Please quote exactly the opening lines of the data, from the first line to the one where "foldr (fun a b => a *m b) 1%:M s." appears.

Stored items

━━━━━━━━━━

(* Let $\mathbb{F}$ be an infinite field and $n\ge2$. Then any two $2$-maximal nilpotent subsemigroups of $M(n,\mathbb{F})$ are isomorphic as semigroups.
   Context: $M(n,\mathbb{F})$ is the semigroup of $n\times n$ matrices over $\mathbb{F}$ under multiplication. A semigroup $S$ with zero is nilpotent of nilpotency degree $k$ if all products of $k$ elements of $S$ equal $0$ and some product of $k-1$ elements is nonzero. A nilpotent subsemigroup of $M(n,\mathbb{F})$ of nilpotency degree $k$ is $k$-maximal if it is not properly contained in another nilpotent subsemigroup of $M(n,\mathbb{F})$ of nilpotency degree $k$. *)

From mathcomp Require Import all_boot all_order all_algebra.
Set Implicit Arguments. Unset Strict Implicit. Unset Printing Implicit Defensive.
Import GRing.Theory.
Local Open Scope ring_scope.

Definition infinite_type (T : eqType) : Prop :=
  forall s : seq T, exists x : T, x \notin s.

Definition mxprod (F : fieldType) (n : nat) (s : seq 'M[F]_n) : 'M[F]_n :=
  foldr (fun a b => a *m b) 1%:M s.

Definition subsemigroup0 (F : fieldType) (n : nat) (S : 'M[F]_n -> Prop) : Prop :=
  S 0 /\ (forall a b, S a -> S b -> S (a *m b)).

Definition nilpotent_subsemigroup (F : fieldType) (n k : nat)
    (S : 'M[F]_n -> Prop) : Prop :=
  subsemigroup0 S /\
  (forall s : seq 'M[F]_n, size s = k -> (forall a, a \in s -> S a) ->
     mxprod s = 0) /\
  (exists s : seq 'M[F]_n, [/\ size s = k.-1, (forall a, a \in s -> S a) &
     mxprod s != 0]).

Definition k_maximal (F : fieldType) (n k : nat) (S : 'M[F]_n -> Prop) : Prop :=
  nilpotent_subsemigroup k S /\
  (forall T : 'M[F]_n -> Prop, nilpotent_subsemigroup k T ->
     (forall a, S a -> T a) -> (forall a, T a -> S a)).

Definition semigroup_isomorphic (F : fieldType) (n : nat)
    (S T : 'M[F]_n -> Prop) : Prop :=
  exists f : 'M[F]_n -> 'M[F]_n,
    [/\ (forall a, S a -> T (f a)),
        (forall a b, S a -> S b -> f a = f b -> a = b),
        (forall c, T c -> exists2 a, S a & f a = c) &
        (forall a b, S a -> S b -> f (a *m b) = f a *m f b)].

(* A 2-maximal nilpotent subsemigroup S is a null semigroup (all products
   vanish), and maximality makes it closed under scalars, so c |-> c a embeds F
   into S for any nonzero a in S.  Conversely S sits inside M(n,F), which
   embeds into F because F * F embeds into F for infinite F (Hessenberg's
   theorem, obtained from a maximal bijection A * A -> A given by Zorn's
   lemma).  By Cantor-Bernstein all such S have the cardinality of F, and a
   bijection between null semigroups that fixes 0 is an isomorphism. *)

From mathcomp Require Import all_boot all_order all_algebra.
From mathcomp Require Import boolp classical_sets functions cardinality.
Set Implicit Arguments. Unset Strict Implicit. Unset Printing Implicit Defensive.
Import GRing.Theory.
Local Open Scope classical_set_scope.
Local Open Scope card_scope.

Lemma choice_on T U (u0 : U) (A : set T) (R : T -> U -> Prop) :
  (forall x, A x -> exists y, R x y) ->
  exists f : T -> U, forall x, A x -> R x (f x).
Proof.
move=> AR; have /choice[f fR] : forall x, exists y, A x -> R x y.
  move=> x; have [/AR[y Rxy]|nAx] := pselect (A x); first by exists y.
  by exists u0.
by exists f.
Qed.

Lemma card_le_fun T U (A : set T) (B : set U) (f : T -> U) :
  set_fun A B f -> set_inj A f -> A #<= B.
Proof.
move=> fAB finj; have [g] : $|{injfun A >-> B}| by apply/injfunPex; exists f.
exact: inj_card_le.
Qed.

Lemma card_le_funP T U (u0 : U) (A : set T) (B : set U) :
  reflect (exists2 f : T -> U, set_fun A B f & set_inj A f) (A #<= B).
Proof.
elim/Ppointed: U => U in u0 B *; first by case: (no u0).
exact: equivP pcard_leP injfunPex.
Qed.

Lemma card_eq_funP T U (u0 : U) (A : set T) (B : set U) :
  reflect (exists f : T -> U, set_bij A B f) (A #= B).
Proof.
elim/Ppointed: U => U in u0 B *; first by case: (no u0).
exact: card_set_bijP.
Qed.

Lemma chain_common T (C : set (set T)) (X Y : set T) (x y : T) :
  total_on C subset -> C X -> C Y -> X x -> Y y ->
  exists2 Z, C Z & Z x /\ Z y.
Proof.
move=> Ctot CX CY Xx Yy; have [XY|YX] := Ctot _ _ CX CY.
  by exists Y => //; split => //; apply: XY.
by exists X => //; split => //; apply: YX.
Qed.

Definition partial_bij T U (A : set T) (B : set U) (R : set (T * U)) :=
  [/\ R `<=` A `*` B,
      forall x y y', R (x, y) -> R (x, y') -> y = y' &
      forall x x' y, R (x, y) -> R (x', y) -> x = x'].

Lemma partial_bij_bigcup T U (A : set T) (B : set U) (C : set (set (T * U))) :
  C `<=` partial_bij A B -> total_on C subset ->
  partial_bij A B (\bigcup_(R in C) R).
Proof.
move=> CP Ctot; split.
- by move=> p [R /CP[RAB _ _]]; apply: RAB.
- move=> x y y' [R CR Rxy] [R' CR' Rxy'].
  have [Z /CP[_ Zfun _] [Zxy Zxy']] := chain_common Ctot CR CR' Rxy Rxy'.
  exact: Zfun Zxy Zxy'.
- move=> x x' y [R CR Rxy] [R' CR' Rx'y].
  have [Z /CP[_ _ Zinj] [Zxy Zx'y]] := chain_common Ctot CR CR' Rxy Rx'y.
  exact: Zinj Zxy Zx'y.
Qed.

Lemma card_le_total T U (A : set T) (B : set U) : A #<= B \/ B #<= A.
Proof.
elim/Ppointed: T => T in A *; first by left; apply: card_le_emptyl.
elim/Ppointed: U => U in B *; first by right; apply: card_le_emptyl.
have [R [[RAB Rfun Rinj] Rmax]] := Zorn_bigcup (@partial_bij_bigcup _ _ A B).
have [AR|] := pselect (forall a, A a -> exists b, R (a, b)).
  left; have [f Rf] := choice_on point AR; apply: (@card_le_fun _ _ _ _ f).
    by move=> a /Rf /RAB[].
  move=> a a' /set_mem Aa /set_mem Aa' faa'.
  by apply: Rinj (Rf _ Aa) _; rewrite faa'; apply: Rf.
move=> /existsNP[a /not_implyP[Aa /forallNP Rna]].
have [BR|] := pselect (forall b, B b -> exists a, R (a, b)).
  right; have [g Rg] := choice_on point BR; apply: (@card_le_fun _ _ _ _ g).
    by move=> b /Rg /RAB[].
  move=> b b' /set_mem Bb /set_mem Bb' gbb'.
  by apply: Rfun (Rg _ Bb) _; rewrite gbb'; apply: Rg.
move=> /existsNP[b /not_implyP[Bb /forallNP Rnb]]; exfalso.
apply: (Rmax (R `|` [set (a, b)])).
  by split=> [p|/(_ (a, b) (or_intror erefl))/Rna//]; left.
split.
- by move=> p [/RAB//|->].
- move=> x y y' [Rxy|exy] [Rxy'|exy'].
  + exact: Rfun Rxy Rxy'.
  + by case: exy' Rxy => -> _ /Rna.
  + by case: exy Rxy' => -> _ /Rna.
  + by case: exy => _ ->; case: exy' => _ ->.
- move=> x x' y [Rxy|exy] [Rx'y|ex'y].
  + exact: Rinj Rxy Rx'y.
  + by case: ex'y Rxy => _ -> /Rnb.
  + by case: exy Rx'y => _ -> /Rnb.
  + by case: exy => -> _; case: ex'y => -> _.
Qed.

Lemma card_le_setX T T' U U' (A : set T) (A' : set T') (B : set U) (B' : set U') :
  A #<= A' -> B #<= B' -> A `*` B #<= A' `*` B'.
Proof.
elim/Ppointed: T' => T' in A' *.
  by rewrite [A']empty_eq0 => /card_le0P ->; rewrite set0X.
elim/Ppointed: U' => U' in B' *.
  by rewrite [B']empty_eq0 => _ /card_le0P ->; rewrite setX0.
move=> /(card_le_funP point)[f fA finj] /(card_le_funP point)[g gB ginj].
apply: (@card_le_fun _ _ _ _ (fun p => (f p.1, g p.2))).
  by move=> [x y] [/= Ax By]; split; [apply: fA|apply: gB].
move=> [x y] [x' y'] /set_mem[/= Ax By] /set_mem[/= Ax' By'] [fx gy].
by congr (_, _); [apply: finj fx|apply: ginj gy]; rewrite inE.
Qed.

Section SquareGraph.
Variable X : Type.
Implicit Types (G : set ((X * X) * X)) (A B : set X).

Definition graph_range G : set X := [set z | exists p, G (p, z)].

(* [G] is the graph of a bijection from [A `*` A] onto [A := graph_range G];
   a nonempty [A] must have two points, so that two copies of [A] fit in
   [A `*` A]. *)
Definition square_graph G :=
  [/\ forall a b z, G ((a, b), z) -> graph_range G a /\ graph_range G b,
      forall a b, graph_range G a -> graph_range G b -> exists z, G ((a, b), z),
      forall p z z', G (p, z) -> G (p, z') -> z = z',
      forall p p' z, G (p, z) -> G (p', z) -> p = p' &
      graph_range G = set0 \/
        exists a0 a1, [/\ graph_range G a0, graph_range G a1 & a0 <> a1]].

Lemma square_graph_bigcup (C : set (set ((X * X) * X))) :
  C `<=` square_graph -> total_on C subset -> square_graph (\bigcup_(G in C) G).
Proof.
move=> Csq Ctot.
have rangeU z :
    graph_range (\bigcup_(G in C) G) z <-> exists2 G, C G & graph_range G z.
  split=> [[p [G CG Gpz]]|[G CG [p Gpz]]]; first by exists G => //; exists p.
  by exists p, G.
split.
- move=> a b z [G CG Gabz]; have [Grange _ _ _ _] := Csq _ CG.
  by have [Ga Gb] := Grange _ _ _ Gabz; split; apply/rangeU; exists G.
- move=> a b /rangeU[G CG [p Gpa]] /rangeU[G' CG' [p' Gpb]].
  have [Z CZ [Zpa Zpb]] := chain_common Ctot CG CG' Gpa Gpb.
  have [_ Ztot _ _ _] := Csq _ CZ.
  by have [z Zz] := Ztot a b (ex_intro _ p Zpa) (ex_intro _ p' Zpb); exists z, Z.
- move=> p z z' [G CG Gpz] [G' CG' Gpz'].
  have [Z /Csq[_ _ Zfun _ _] [Zpz Zpz']] := chain_common Ctot CG CG' Gpz Gpz'.
  exact: Zfun Zpz Zpz'.
- move=> p p' z [G CG Gpz] [G' CG' Gp'z].
  have [Z /Csq[_ _ _ Zinj _] [Zpz Zp'z]] := chain_common Ctot CG CG' Gpz Gp'z.
  exact: Zinj Zpz Zp'z.
- have [[G CG [a0 [a1 [Ga0 Ga1 a01]]]]|no2] := pselect (exists2 G, C G &
      exists a0 a1, [/\ graph_range G a0, graph_range G a1 & a0 <> a1]).
    by right; exists a0, a1; split => //; apply/rangeU; exists G.
  left; apply/seteqP; split => // z /rangeU[G CG Gz].
  have [_ _ _ _ [G0|G2]] := Csq _ CG; first by rewrite G0 in Gz.
  by case: no2; exists G.
Qed.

━━━━━━━━━━

**Written solution**
(* Let $\mathbb{F}$ be an infinite field and $n\ge2$. Then any two $2$-maximal nilpotent subsemigroups of $M(n,\mathbb{F})$ are isomorphic as semigroups.
   Context: $M(n,\mathbb{F})$ is the semigroup of $n\times n$ matrices over $\mathbb{F}$ under multiplication. A semigroup $S$ with zero is nilpotent of nilpotency degree $k$ if all products of $k$ elements of $S$ equal $0$ and some product of $k-1$ elements is nonzero. A nilpotent subsemigroup of $M(n,\mathbb{F})$ of nilpotency degree $k$ is $k$-maximal if it is not properly contained in another nilpotent subsemigroup of $M(n,\mathbb{F})$ of nilpotency degree $k$. *)

From mathcomp Require Import all_boot all_order all_algebra.
Set Implicit Arguments. Unset Strict Implicit. Unset Printing Implicit Defensive.
Import GRing.Theory.
Local Open Scope ring_scope.

Definition infinite_type (T : eqType) : Prop :=
  forall s : seq T, exists x : T, x \notin s.

Definition mxprod (F : fieldType) (n : nat) (s : seq 'M[F]_n) : 'M[F]_n :=
  foldr (fun a b => a *m b) 1%:M s.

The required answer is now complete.